The problem you're describing, of inconsistent behaviour of invalid character handling is browser specific and varies depending on how the given browser handles data in completely unsupportable situation (since CP-125? cannot be handled by ISO-8859-1, or -2). Some browsers send the character through as-is, some truncate.

You could, theoretically, attempt to fix some of those at the browser level with JavaScript before sending through the content. (It is of little surprise, then, that most of the WYSIWYG editors actually have a 'Paste from Word' entry for this very thing.) The reliability of this seems questionable to me, however.

The question of conversion is another big one, and it's one I tend to gloss over when suggesting conversion because invariably people seem to then re-edit the posts afterwards anyway meaning it is simply less of an issue.

Converting Latin-? to CP-whatever is almost as nightmarish a situation to be in as anything else, in fact.

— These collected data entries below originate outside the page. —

(* Under the hypotheses of the following statement, the vectors $u_1$ and $u_2$ can be chosen nonnegative. Statement: Let $\mathcal{A}\in\mathbb{R}^{m\times m\times n}$ be $(1,2)$-symmetric and nonnegative with $\mathcal{A}=\begin{pmatrix}\mathcal{A}_1&0\\0&\mathcal{A}_2\end{pmatrix}$, $\mathcal{A}_i\in\mathbb{R}^{m_i\times m_i\times n}$, $m_1+m_2=m$, $\mathcal{A}_1,\mathcal{A}_2$ irreducible; with $\varphi$ as defined in the context, assume $\varphi(\mathcal{A})<\varphi(\mathcal{A}_1)+\|\mathcal{A}_2\|^2$, $\varphi(\mathcal{A})<\varphi(\mathcal{A}_2)+\|\mathcal{A}_1\|^2$, and that the solution $(U,U,W)$ of the $(1,2)$-symmetric best rank-$(2,2,2)$ approximation problem for $\mathcal{A}$ is unique; then a representative has $U=\begin{pmatrix}u_1&0\\0&u_2\end{pmatrix}$ with $u_1\in\mathbb{R}^{m_1}$, $u_2\in\mathbb{R}^{m_2}$.
   Context: A tensor is $(1,2)$-symmetric if $\mathcal{A}(i,j,k)=\mathcal{A}(j,i,k)$. It is (1,2)-reducible if there exist nonempty proper $I\subset\{1,\dots,m\}$ and nonempty $K\subseteq\{1,\dots,n\}$ with $a_{ijk}=a_{jik}=0$ for $i\in I,j\notin I,k\in K$; 3-reducible if $a_{ijk}=0$ for $i,j\in I,k\in K$; irreducible if neither holds for any $I,K$. $(X,Y,Z)\cdot\mathcal{H}$ has entries $\sum x_{i\alpha}y_{j\beta}z_{k\gamma}h_{\alpha\beta\gamma}$; $\mathcal{A}\cdot(X,Y,Z):=(X^T,Y^T,Z^T)\cdot\mathcal{A}$; Frobenius norm. For $(1,2)$-symmetric $\mathcal{B}\in\mathbb{R}^{k\times k\times n}$, $\varphi(\mathcal{B})=\min\|\mathcal{B}-(X,X,Z)\cdot\mathcal{H}\|^2$ over $X\in\mathbb{R}^{k\times2}$, $Z\in\mathbb{R}^{n\times2}$ with orthonormal columns and $\mathcal{H}\in\mathbb{R}^{2\times2\times2}$. The $(1,2)$-symmetric best rank-$(2,2,2)$ approximation problem is $\max\|\mathcal{A}\cdot(X,X,Z)\|$ over $X^TX=I_2,Z^TZ=I_2$; solutions are equivalence classes under $(U,U,W)\mapsto(UQ_1,UQ_1,WQ_3)$ with $Q_1,Q_3$ orthogonal. *)

From HB Require Import structures.
From mathcomp Require Import all_boot all_order all_algebra.
From mathcomp Require Import boolp classical_sets reals.
Set Implicit Arguments. Unset Strict Implicit. Unset Printing Implicit Defensive.
Import Order.TTheory GRing.Theory Num.Theory.
Local Open Scope ring_scope.
Local Open Scope classical_set_scope.

Definition tensor (R : Type) (p q r : nat) := 'I_p -> 'I_q -> 'I_r -> R.

Section Tensors.
Variable R : realType.

Definition sym12 p n (A : tensor R p p n) : Prop :=
  forall i j k, A i j k = A j i k.

Definition nonneg_tensor p q r (A : tensor R p q r) : Prop :=
  forall i j k, 0 <= A i j k.

Definition reducible12 p n (A : tensor R p p n) : Prop :=
  exists (I : {set 'I_p}) (K : {set 'I_n}),
    [/\ I != finset.set0, I != finset.setTfor 'I_p, K != finset.set0 &
      forall i j k, i \in I -> j \notin I -> k \in K ->
        A i j k = 0 /\ A j i k = 0].

Definition reducible3 p n (A : tensor R p p n) : Prop :=
  exists (I : {set 'I_p}) (K : {set 'I_n}),
    [/\ I != finset.set0, I != finset.setTfor 'I_p, K != finset.set0 &
      forall i j k, i \in I -> j \in I -> k \in K -> A i j k = 0].

Definition irreducible p n (A : tensor R p p n) : Prop :=
  ~ reducible12 A /\ ~ reducible3 A.

Definition blk m1 m2 n (A1 : tensor R m1 m1 n) (A2 : tensor R m2 m2 n)
  : tensor R (m1 + m2) (m1 + m2) n :=
  fun i j k =>
    match split i, split j with
    | inl i', inl j' => A1 i' j' k
    | inr i', inr j' => A2 i' j' k
    | _, _ => 0
    end.

Definition tnorm p q r (A : tensor R p q r) : R :=
  Num.sqrt (\sum_(i < p) \sum_(j < q) \sum_(k < r) A i j k ^+ 2).

Definition tmul p q r a b c (X : 'M[R]_(p, a)) (Y : 'M[R]_(q, b))
  (Z : 'M[R]_(r, c)) (H : tensor R a b c) : tensor R p q r :=
  fun i j k => \sum_(al < a) \sum_(be < b) \sum_(ga < c)
                 X i al * Y j be * Z k ga * H al be ga.

Definition tmulr p q r a b c (A : tensor R p q r) (X : 'M[R]_(p, a))
  (Y : 'M[R]_(q, b)) (Z : 'M[R]_(r, c)) : tensor R a b c :=
  tmul X^T Y^T Z^T A.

The bottom line is that if you're using UTF-8 from the start, there's just not a problem - as evidenced here and in other places, and that's been the case for years too.

AngelinaBelle:
Converting any CP-1252 characters already in the database is something I don't understand.
These characters would have to  have been in the database for a long time, if what Arantor says is true (Microsoft browsers as old as IE5 did the conversion correctly during "paste from WORD"). Of course, other, non-Microsoft, browsers, might not have handled, and may still not handle, this in the way the ordinary user would expect... I don't know.

1252 and 1253 seem to use the x80 - x9F codes in exactly the same way.
I have not figured out how SMF uses the translation tables it has for 1252 and 1253.  The mappings don't seem to match those given at unicode.org, and would seem to result in a "strange character" instead of the euro symbol, and for each of the other smartquote characters, unless I completely misunderstand what is going on during conversion to UTF-8.

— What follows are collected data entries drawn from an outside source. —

(* Let $\mathcal{W},\mathcal{V}\subseteq\mathbb{R}^p$ be nonempty closed convex sets containing $\mathbf{0}$, let $\mathcal{Z}$ be a data space, and let $\ell:\mathcal{W}\times\mathcal{V}\times\mathcal{Z}\to\mathbb{R}$ be differentiable in $(\mathbf{w},\mathbf{v})$. Assume: (i) ($\rho$-strongly-convex-strongly-concave) for some $\rho>0$, for every $\mathbf{v}$ and $z$ the map $\mathbf{w}\mapsto\ell(\mathbf{w},\mathbf{v};z)$ is $\rho$-strongly convex, and for every $\mathbf{w}$ and $z$ the map $\mathbf{v}\mapsto\ell(\mathbf{w},\mathbf{v};z)$ is $\rho$-strongly concave; (ii) ($G$-Lipschitz) for some $G>0$, $\|\nabla_{\mathbf{w}}\ell(\mathbf{w},\mathbf{v};z)\|_2\le G$ and $\|\nabla_{\mathbf{v}}\ell(\mathbf{w},\mathbf{v};z)\|_2\le G$ for all $\mathbf{w},\mathbf{v},z$. Fix a dataset $S=\{z_1,\dots,z_n\}\in\mathcal{Z}^n$, privacy parameters $\epsilon,\delta>0$, a number of iterations $T\ge1$, step sizes $\eta_t=\frac{1}{\rho t}$, and noise level $\sigma=c\,\frac{G\sqrt{T\log(1/\delta)}}{n\epsilon}$ for a constant $c>0$. Run DP-GDA (described in the context) on $S$, producing $(\bar{\mathbf{w}}_T,\bar{\mathbf{v}}_T)$, and for any dataset $S'$ differing from $S$ in exactly one element, run DP-GDA on $S'$ with the same realizations of the Gaussian noise vectors, producing $(\bar{\mathbf{w}}_T',\bar{\mathbf{v}}_T')$. Let $\zeta\in(\exp(-p/8),1)$ and $$p_\zeta=1+\Big(\frac{8\log(2T/\zeta)}{p}\Big)^{1/4},\quad g_{\mathbf{w}}=\|\bar{\mathbf{w}}^*-\bar{\mathbf{w}}_T\|_2,\quad g_{\mathbf{v}}=\|\bar{\mathbf{v}}^*-\bar{\mathbf{v}}_T\|_2,$$ where $\bar{\mathbf{w}}^*=\arg\min_{\mathbf{w}\in\mathcal{W}}L_S(\mathbf{w},\bar{\mathbf{v}}_T)$ and $\bar{\mathbf{v}}^*=\arg\max_{\mathbf{v}\in\mathcal{V}}L_S(\bar{\mathbf{w}}_T,\mathbf{v})$. Then with probability at least $1-\zeta$ (over the noise), for every such $S'$, $$\|\bar{\mathbf{w}}_T-\bar{\mathbf{w}}_T'\|_2+\|\bar{\mathbf{v}}_T-\bar{\mathbf{v}}_T'\|_2\le\gamma,$$ where $$\gamma=\frac{4G}{n\rho}+\frac{2\sigma\sqrt{p}\log(eT)}{T}p_\zeta+4\sqrt{\log(eT)}\sqrt{\frac{G^2}{\rho^2T}+\frac{\sigma^2p}{\rho^2T}p_\zeta^2+\frac{2G\sigma\sqrt{p}}{\rho^2T}p_\zeta+\frac{(g_{\mathbf{w}}+g_{\mathbf{v}})\sigma\sqrt{p}}{\rho\log(eT)}p_\zeta}.$$
   Context: Empirical risk: $L_S(\mathbf{w},\mathbf{v})=\frac1n\sum_{i=1}^n\ell(\mathbf{w},\mathbf{v};z_i)$. A differentiable $f$ is $\rho$-strongly convex if $f(\mathbf{x})-f(\mathbf{x}')\ge\langle\nabla f(\mathbf{x}'),\mathbf{x}-\mathbf{x}'\rangle+\frac\rho2\|\mathbf{x}-\mathbf{x}'\|_2^2$; $f$ is $\rho$-strongly concave if $-f$ is $\rho$-strongly convex. DP-GDA (Differentially Private Gradient Descent Ascent) on dataset $S$: initialize $\mathbf{w}_1=\mathbf{0}$, $\mathbf{v}_1=\mathbf{0}$; for $t=1,\dots,T$, sample independent $b_{\mathbf{w}},b_{\mathbf{v}}\sim\mathcal{N}(0,\sigma^2I_p)$ and set $\mathbf{w}_{t+1}=\mathrm{Proj}_{\mathcal{W}}\big(\mathbf{w}_t-\eta_t(\nabla_{\mathbf{w}}L_S(\mathbf{w}_t,\mathbf{v}_t)+b_{\mathbf{w}})\big)$, $\mathbf{v}_{t+1}=\mathrm{Proj}_{\mathcal{V}}\big(\mathbf{v}_t+\eta_t(\nabla_{\mathbf{v}}L_S(\mathbf{w}_t,\mathbf{v}_t)+b_{\mathbf{v}})\big)$, where $\mathrm{Proj}$ is Euclidean projection; output $\bar{\mathbf{w}}_T=\frac1T\sum_{t=1}^T\mathbf{w}_t$, $\bar{\mathbf{v}}_T=\frac1T\sum_{t=1}^T\mathbf{v}_t$. The stability notion compares the outputs on two datasets differing in one element, with the two runs using identical noise draws. *)

From HB Require Import structures.
From mathcomp Require Import all_boot all_order all_algebra.
From mathcomp Require Import all_classical all_reals all_analysis.
Set Implicit Arguments. Unset Strict Implicit. Unset Printing Implicit Defensive.
Import Order.TTheory GRing.Theory Num.Theory.
Import numFieldNormedType.Exports.
Local Open Scope classical_set_scope.
Local Open Scope ring_scope.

It is the "convert to UTF8" process that I would investigate.  In addition to the x80 - x9F character questions, it does not cover various code pages that might have been used during "paste from Word" in several other languages. One would need to know WHICH code page to use. Greek. Chinese. Korean?

Arantor:
There's two separate things there I indicated. Browsers as old as IE5 were able to handle the UTF-8 conversion as needed, but what we've seen more recently are WYSIWYG editors with a specific 'paste from Word' option, though I always understood that was to handle formatting, not characters themselves.

Note that it has always worked on *this* forum without any patches.